Re: [PATCH v1 0/4] coresight: ctcu: Enable byte-cntr function for TMC ETR

Jie Gan <quic_jiegan@xxxxxxxxxxx> · Thu, 13 Mar 2025 14:15:42 +0800

On 3/12/2025 9:22 PM, Mike Leach wrote:
Hi,

On Mon, 10 Mar 2025 at 09:05, Jie Gan <quic_jiegan@xxxxxxxxxxx> wrote:

From: Jie Gan <jie.gan@xxxxxxxxxxxxxxxx>

The byte-cntr function provided by the CTCU device is used to transfer data
from the ETR buffer to the userspace. An interrupt is tiggered if the data
size exceeds the threshold set in the BYTECNTRVAL register. The interrupt
handler counts the number of triggered interruptions and the read function
will read the data from the ETR buffer if the IRQ count is greater than 0.
Each successful read process will decrement the IRQ count by 1.

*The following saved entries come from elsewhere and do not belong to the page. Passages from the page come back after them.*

Lemma cmi_as_sum : cmi p a b c = \big[Rplus/R0]_w (p w * dens w) / ln 2.
Proof.
have l2 := ln2_gt0.
rewrite /cmi !entropyE /Rdiv -bigR_mulr.
rewrite [RHS](eq_bigr (fun w =>
  p w * log2 (law p fabc (fabc w)) + p w * log2 (law p c (c w))
  + - (p w * log2 (law p fac (fac w))) + - (p w * log2 (law p fbc (fbc w)))));
  last by move=> w _; rewrite /dens /log2; field; lra.
rewrite !bigR_add !bigR_opp /fabc /fac /fbc /=; lra.
Qed.

(* Pointwise form of ln x <= x - 1, applied to x = ratio. *)
Lemma dens_ge w : 0 < p w -> 1 - ratio (fabc w) <= dens w.
Proof.
move=> pw; have pos (T : finType) (f : Om -> T) : 0 < law p f (f w).
  by have := law_self p_ge0 f w; lra.
exact: ln_ratio_bound (pos _ fac) (pos _ fbc) (pos _ fabc) (pos _ c).
Qed.

(* Each weighted ratio is dominated by P_ac P_bc / P_c, which no longer
   involves the joint law of (A, B, C). *)
Lemma weighted_ratio_le t :
  law p fabc t * ratio t <=
  law p fac (t.1.1, t.2) * law p fbc (t.1.2, t.2) / law p c t.2.
Proof.
apply: weighted_bound; try exact: law_ge0.
by apply: law_mono => // w <-.
Qed.

Lemma expected_ratio_le :
  \big[Rplus/R0]_w (p w * ratio (fabc w)) <= \big[Rplus/R0]_w p w.
Proof.
rewrite (sum_by_law p fabc ratio).
apply: Rle_trans (bigR_le (fun t _ => weighted_ratio_le t)) _.
have regroup : forall F : A * B * C -> R, \big[Rplus/R0]_t F t =
    \big[Rplus/R0]_z \big[Rplus/R0]_x \big[Rplus/R0]_y F (x, y, z).
  move=> F; transitivity (\big[Rplus/R0]_xy \big[Rplus/R0]_z F (xy, z)).
    by rewrite pair_bigA; apply: eq_bigr => -[].
  transitivity (\big[Rplus/R0]_x \big[Rplus/R0]_y \big[Rplus/R0]_z F (x, y, z)).
    by rewrite [RHS]pair_bigA; apply: eq_bigr => -[].
  rewrite [RHS]exchange_big; apply: eq_bigr => x _.
  by rewrite exchange_big.
rewrite regroup -(law_total p c); apply: bigR_le => z _ /=.
rewrite /Rdiv sum_prod (law_marg p a c) (law_marg p b c).
have [hc|<-] := law_ge0 p_ge0 c z; last by rewrite Rinv_0; lra.
by apply: Req_le; field; lra.
Qed.

Lemma cmi_ge0 : 0 <= cmi p a b c.
Proof.
rewrite cmi_as_sum; apply: Rle_mult_inv_pos ln2_gt0.
have dens_weighted w : p w * (1 - ratio (fabc w)) <= p w * dens w.
  have [pw|<-] := p_ge0 w; last lra.
  by apply: Rmult_le_compat_l; [lra|apply: dens_ge].
apply: Rle_trans (bigR_le (fun w _ => dens_weighted w)).
under eq_bigr do rewrite Rmult_minus_distr_l Rmult_1_r /Rminus.
by rewrite bigR_add bigR_opp; have := expected_ratio_le; lra.
Qed.
End CmiNonneg.

Lemma jointP_ge0 (U10 U11 V11 V20 V22 X1 X2 Y1 Y2 : finType)
  (W : X1 -> X2 -> (Y1 * Y2)%type -> R) (P : tup7 U10 U11 V11 V20 V22 X1 X2 -> R) :
  is_channel W -> is_pmf P -> forall w, 0 <= jointP W P w.
Proof.
move=> HW [P_ge0 _] w; apply: Rmult_le_pos; first exact: P_ge0.
by case: (HW w.1.1.2 w.1.2) => W_ge0 _; apply: W_ge0.
Qed.

(* The merge of U11 into V11 is a relabelling of the sample space. *)
Section MergeU11.
Variables (U10 U11 V11 V20 V22 X1 X2 Y1 Y2 : finType).
Variable W : X1 -> X2 -> (Y1 * Y2)%type -> R.
Variable P : tup7 U10 U11 V11 V20 V22 X1 X2 -> R.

The byte cntr function will start when the device node is opened for reading,
and the IRQ count will reset when the byte cntr function has stopped. When
the file node is opened, the w_offset of the ETR buffer will be read and
stored in byte_cntr_data, serving as the original r_offset (indicating
where reading starts) for the byte counter function.

The work queue for the read operation will wake up once when ETR is stopped,
ensuring that the remaining data in the ETR buffer has been flushed based on
the w_offset read at the time of stopping.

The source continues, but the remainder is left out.